▶ WHAT THE TASK REQUIRES
Look below for the lines from the one with "Lemma fprefix_interval_finite (v" to the one with "(short_morphisms (len (Dpow", and copy exactly those lines, both ends included.

▶ THE DATA
---

Lemma mulDn_comp_l r h u : tgt h = src u -> mulDn r (comp h u) = comp h (mulDn r u).
Proof. intros H. rewrite !mulDn_Dpow, tgt_comp by auto. rewrite comp_assoc; endpoints. Qed.

Lemma mulDn_incl r (p : mor C) : mulDn r (fmor incl p) = fmor incl (mulDpow p r).
Proof. rewrite mulDn_Dpow. unfold mulDpow. rewrite incl_comp by endpoints. reflexivity. Qed.

Lemma mulDn_denominator (u : mor Frac) : exists n a, mulDn n u = fmor incl a.
Proof.
  destruct u as [[a n] R]. exists n, a. rewrite mulDn_Dpow. apply rfrac_decomp.
Qed.

Lemma fprefix_comp_incl (h : mor Frac) (p : mor C) : src p = tgt h ->
  fprefix h (comp h (fmor incl p)).
Proof. intros H. exists p. auto. Qed.

Lemma fprefix_incl_iff (p q : mor C) : fprefix (fmor incl p) (fmor incl q) <-> prefix p q.
Proof.
  split; [|apply fprefix_incl].
  intros [z [Hz E]]. exists z. split; [symmetry; exact Hz|].
  apply incl_inj. rewrite E, incl_comp; auto.
Qed.

Lemma fprefix_comp_incl_iff (h : mor Frac) (p q : mor C) : src p = tgt h -> src q = tgt h ->
  fprefix (comp h (fmor incl p)) (comp h (fmor incl q)) <-> prefix p q.
Proof. intros Hp Hq. rewrite fprefix_comp_l by endpoints. apply fprefix_incl_iff. Qed.

Lemma divDn_idm_fprefix N (u : mor Frac) (a : mor C) :
  mulDn N u = fmor incl a -> fprefix (divDn N (idm (src u))) u.
Proof.
  intros E. apply (mulDn_fprefix N). rewrite mulDn_divDn, E.
  assert (Ha : src a = src u) by (rewrite <- (mulDn_src N u), E; reflexivity).
  exists a. split; [endpoints|]. symmetry. apply id_comp'. exact (eq_sym Ha).
Qed.

Lemma common_lower_bound (u w : mor Frac) : src u = src w -> exists h, fprefix h u /\ fprefix h w.
Proof.
  intros H. destruct (mulDn_denominator u) as [n [a Ea]].
  destruct (mulDn_denominator w) as [m [b Eb]].
  exists (divDn (m + n) (idm (src u))). split.
  - apply (divDn_idm_fprefix _ _ (mulDpow a m)). rewrite mulDn_add, Ea. apply mulDn_incl.
  - rewrite H, Nat.add_comm. apply (divDn_idm_fprefix _ _ (mulDpow b n)).
    rewrite mulDn_add, Eb. apply mulDn_incl.
Qed.

Lemma fprefix_join (u w : mor Frac) : src u = src w ->
  exists m, fprefix u m /\ fprefix w m /\ forall c, fprefix u c -> fprefix w c -> fprefix m c.
Proof.
  intros H. destruct (common_lower_bound u w H) as [h [[p [Hp ->]] [q [Hq ->]]]].
  destruct (prefix_lattice (tgt h) p q Hp Hq) as [[j [Hj [Hpj [Hqj Hjmin]]]] _].
  exists (comp h (fmor incl j)). rewrite !fprefix_comp_incl_iff by auto.
  split; [|split]; auto. intros c Hpc Hqc.
  destruct (fprefix_trans _ _ _ (fprefix_comp_incl h p Hp) Hpc) as [r [Hr ->]].
  rewrite fprefix_comp_incl_iff in * by endpoints. apply Hjmin; auto.
Qed.

Lemma prefix_mulDpow (p q : mor C) r : src q = src p -> len q <= r -> prefix q (mulDpow p r).
Proof.
  intros H Hl. unfold mulDpow. rewrite Dpow_nat.
  apply prefix_trans with (Dpow r (src q)); [apply prefix_Dpow; auto|].
  rewrite H. apply prefix_comp. endpoints.
Qed.

Lemma fprefix_connected (u w : mor Frac) : src u = src w ->
  exists r, fprefix u (mulDn r w) /\ fprefix w (mulDn r u).
Proof.
  intros H. destruct (common_lower_bound u w H) as [h [[p [Hp ->]] [q [Hq ->]]]].
  exists (len p + len q). rewrite !mulDn_comp_l, !mulDn_incl by endpoints.
  rewrite !fprefix_comp_incl_iff by endpoints.
  split; apply prefix_mulDpow; try congruence; lia.
Qed.

(* If [w Delta^r = v q] and [v Delta^r = w p], then [v Delta^2r = v q phi^r(p)], so [q]
   is a prefix of [Delta^2r]. *)
Lemma fprefix_interval_finite (v : mor Frac) r : exists ws : list (mor Frac),
  forall w, fprefix v (mulDn r w) -> fprefix w (mulDn r v) -> In w ws.
Proof.
  exists (map (fun q => divDn r (comp v (fmor incl q)))
              (short_morphisms (len (Dpow (r + r) (tgt v))))).
  intros w [q [Hq Eq]] [p [Hp Ep]].
  apply in_map_iff. exists q. split; [rewrite <- Eq; apply divDn_mulDn|].
  apply in_short_morphisms, prefix_len.
  assert (Tq : tgt q = phin_ob r (src p)).
  { assert (X := f_equal tgt Eq). rewrite mulDn_Dpow, !tgt_comp in X by endpoints.
    change (tgt (Dpow r (tgt w)) = tgt q) in X. rewrite Dpow_tgt in X. rewrite Hp. auto. }
  assert (E2r : mulDn (r + r) v = comp v (fmor incl (comp q (phin r p)))).
  { rewrite mulDn_add, Ep, mulDn_comp_l, mulDn_incl by endpoints. unfold mulDpow.
    rewrite Dpow_nat, incl_comp, <- comp_assoc, Hp, <- mulDn_Dpow, Eq by endpoints.
    rewrite comp_assoc, <- incl_comp by endpoints. reflexivity. }
  rewrite mulDn_Dpow in E2r. apply comp_incl_inj in E2r; [|endpoints|endpoints].
  exists (phin r p). split; [endpoints|]. auto.
Qed.
Lemma merge_twins : exists2 i, (k c <= i < k c')%N &
  key_imbalance (merge_key i) <= key_imbalance k /\
  `|key_bal (merge_key i) c| + `|key_bal (merge_key i) c'| + 2 * (\sum_u between u)%N%:Z
    <= `|key_bal k c| + `|key_bal k c'|.
Proof.
set r := (\sum_u between u)%N.
have [h le_hr rebalance] := norm_rebalance (key_bal k c) r.
have nbrs_first : nbrs_upto (k c) = 0%N.
  by rewrite /nbrs_upto big1 // => u _; apply/eqP; rewrite eqb0; lia.
have nbrs_last : nbrs_upto (k c').-1 = r.
  by apply: eq_bigr => u _; rewrite /between; case: (e c u) => //=; lia.
have [i i_bounds nbrs_i] : exists2 i, (k c <= i <= (k c').-1)%N & nbrs_upto i = h.
  by apply: discrete_ivt nbrs_upto_step _ _; lia.
have {}i_bounds : (k c <= i < k c')%N by lia.
have bal_c' := key_bal_twins k_inj tw lt_cc'.
have bal'_c := key_bal_merge_c i_bounds; have bal'_c' := key_bal_merge_c' i.
have local_gain : `|key_bal (merge_key i) c| + `|key_bal (merge_key i) c'| + 2 * r%:Z
    <= `|key_bal k c| + `|key_bal k c'|.
  by rewrite bal'_c' bal'_c bal_c' nbrs_i.
exists i => //; split => //.
rewrite /key_imbalance (bigD2 _ (P := predT) cc') //.
rewrite [X in _ <= X](bigD2 _ (P := predT) cc') //=.
have between_c : ~~ between c by rewrite /between e_irr.
have between_c' : ~~ between c' by rewrite /between ltnn !andbF.
have sum_between : \sum_(v | (v != c) && (v != c')) (between v)%:Z = r%:Z.
  rewrite sum_natz (bigD2 _ (P := predT) cc') //=.
  by rewrite (negbTE between_c) (negbTE between_c') !add0r.
suff : \sum_(v | (v != c) && (v != c')) `|key_bal (merge_key i) v|
    <= \sum_(v | (v != c) && (v != c')) (`|key_bal k v| + 2 * (between v)%:Z).
  rewrite big_split -mulr_sumr sum_between /=; move: local_gain.
  by set rest' := \sum_(_ | _) _; set rest := \sum_(_ | _) _; lia.
apply: ler_sum => v /andP[vc vc']; have [in_between|out] := boolP (between v).
  by rewrite mulr1; exact: key_bal_merge_between.
by rewrite key_bal_merge_outside // mulr0 addr0.
Qed.

End MergeTwins.

Section TwinCover.
Variable S : {set T}.
Hypothesis twin_cover_S : twin_cover e S.

Local Notation sc := (same_comp e S).

Lemma same_comp_notin x y : sc x y -> (x \notin S) && (y \notin S).
Proof. by case/and3P=> -> ->. Qed.

Lemma same_comp_sym x y : sc x y -> sc y x.
Proof.
have del_sym : connect_sym (del_rel e S).
  by apply: sym_connect_sym => u v; rewrite /del_rel e_sym [_ && (v \notin S)]andbC.
by case/and3P=> xS yS xy; rewrite /same_comp xS yS del_sym.
Qed.

Lemma same_comp_trans x y z : sc x y -> sc y z -> sc x z.
Proof.
by case/and3P=> xS _ xy /and3P[_ zS yz]; rewrite /same_comp xS zS (connect_trans xy yz).
Qed.

Lemma same_comp_refl x : x \notin S -> sc x x.
Proof. by move=> xS; rewrite /same_comp xS connect0. Qed.

Lemma same_comp_edge x y : e x y -> x \notin S -> y \notin S -> sc x y.
Proof. by move=> xy xS yS; rewrite /same_comp xS yS connect1 // /del_rel xy xS yS. Qed.

Definition comp_imbalance k : int := \sum_(v | v \notin S) `|key_bal k v|.

Lemma comp_imbalance_ge0 k : 0 <= comp_imbalance k.
Proof. by apply: sumr_ge0 => v _; rewrite normr_ge0. Qed.

Lemma comp_imbalance_merge k c c' : injective k -> sc c c' -> (k c < k c')%N ->
  (forall u, between k c c' u -> u \in S) -> (0 < \sum_u between k c c' u)%N ->
  exists k', [/\ injective k', key_imbalance k' <= key_imbalance k &
                 comp_imbalance k' < comp_imbalance k].
Proof.
move=> k_inj cc' lt_cc' between_S r_gt0.
have cc'_neq : c != c' by apply: contraTneq lt_cc' => ->; rewrite ltnn.
have /andP[cS c'S] := same_comp_notin cc'.
have tw := twin_cover_S cc'.
have [i i_bounds [le_imb local_gain]] := merge_twins k_inj tw lt_cc'.
exists (merge_key k c c' i); split => //.
  exact: (merge_key_inj k_inj tw lt_cc' (i := i)).
rewrite /comp_imbalance (bigD2 _ (P := fun v => v \notin S) cc'_neq) //.
rewrite [X in _ < X](bigD2 _ (P := fun v => v \notin S) cc'_neq) //.
have -> : \sum_(v | (v \notin S) && (v != c) && (v != c')) `|key_bal (merge_key k c c' i) v|
        = \sum_(v | (v \notin S) && (v != c) && (v != c')) `|key_bal k v|.
  apply: eq_bigr => v /andP[/andP[vS vc] vc'].
  by rewrite key_bal_merge_outside //; apply: contra vS => /between_S.
by rewrite ltrD2r; lia.
Qed.

Definition splits k c1 c2 w := [&& sc c1 c2, e c1 w, w \in S & (k c1 < k w < k c2)%N].

Lemma splits_decrease k c1 c2 w : injective k -> splits k c1 c2 w ->
  exists k', [/\ injective k', key_imbalance k' <= key_imbalance k &
                 comp_imbalance k' < comp_imbalance k].
Proof.
move=> k_inj /and4P[c12 e_c1w wS /andP[lt_c1w lt_wc2]].
have /andP[c1S _] := same_comp_notin c12.
have before : sc c1 c1 && (k c1 < k w)%N by rewrite same_comp_refl.
have after : sc c1 c2 && (k w < k c2)%N by rewrite c12.
case: (@arg_maxnP _ c1 (fun u => sc c1 u && (k u < k w)%N) k before)
  => c /andP[c1c lt_cw] c_max.
case: (@arg_minnP _ c2 (fun u => sc c1 u && (k w < k u)%N) k after)
  => c' /andP[c1c' lt_wc'] c'_min.
have cc' : sc c c' := same_comp_trans (same_comp_sym c1c) c1c'.
have /andP[_ cS] := same_comp_notin c1c.
apply: (comp_imbalance_merge k_inj cc' (ltn_trans lt_cw lt_wc')).
  move=> u /and3P[e_cu lt_cu lt_uc']; apply: contraT => uS.
  have c1u : sc c1 u := same_comp_trans c1c (same_comp_edge e_cu cS uS).
  case: (ltngtP (k u) (k w)) => [lt_uw|lt_wu|/k_inj eq_uw].
  - by have := c_max u; rewrite c1u lt_uw /= leqNgt lt_cu => /(_ isT).
  - by have := c'_min u; rewrite c1u lt_wu /= leqNgt lt_uc' => /(_ isT).
  - by rewrite eq_uw wS in uS.
have w_c1 : w != c1 by apply: contraTneq wS => ->.
have w_c : w != c by apply: contraTneq wS => ->.
have e_cw : e c w by rewrite -(twins_nbhd (twin_cover_S c1c) w_c1 w_c).
by rewrite (bigD1 w) //= /between e_cw lt_cw lt_wc'.
Qed.

Lemma exists_unsplit_key k : injective k ->
  exists2 k', injective k' &
    key_imbalance k' <= key_imbalance k /\ forall c1 c2 w, ~~ splits k' c1 c2 w.
Proof.
have [n] := ubnP `|comp_imbalance k|%N; elim: n k => [|n IHn] k; first by rewrite ltn0.
move=> lt_kn k_inj.
case: (pickP (fun t : T * T * T => splits k t.1.1 t.1.2 t.2))
  => [[[c1 c2] w] k_splits|unsplit].
  have [k1 [k1_inj le_imb lt_comp]] := splits_decrease k_inj k_splits.
  have lt_k1n : (`|comp_imbalance k1| < n)%N.
    by have := comp_imbalance_ge0 k1; have := comp_imbalance_ge0 k; lia.
  have [k' k'_inj [le_imb' unsplit]] := IHn k1 lt_k1n k1_inj.
  by exists k' => //; split => //; apply: le_trans le_imb' le_imb.
by exists k => //; split => // c1 c2 w; rewrite (unsplit (c1, c2, w)).
Qed.

Section BlockKey.
Variable k : T -> nat.
Hypotheses (k_inj : injective k) (unsplit : forall c1 c2 w, ~~ splits k c1 c2 w).

Definition comp_first v := if v \in S then k v else k [arg min_(u < v | sc v u) k u].

Lemma comp_first_in v : v \in S -> comp_first v = k v.
Proof. by rewrite /comp_first => ->. Qed.

Lemma comp_firstP v : v \notin S ->
  exists2 a, sc v a & comp_first v = k a /\ forall u, sc v u -> (k a <= k u)%N.
Proof.
move=> vS; rewrite /comp_first (negbTE vS).
by case: (@arg_minnP _ v (sc v) k (same_comp_refl vS)) => a va a_min; exists a.
Qed.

---

▶ RESULT
Lemma fprefix_interval_finite (v : mor Frac) r : exists ws : list (mor Frac),
  forall w, fprefix v (mulDn r w) -> fprefix w (mulDn r v) -> In w ws.
Proof.
  exists (map (fun q => divDn r (comp v (fmor incl q)))
              (short_morphisms (len (Dpow (r + r) (tgt v))))).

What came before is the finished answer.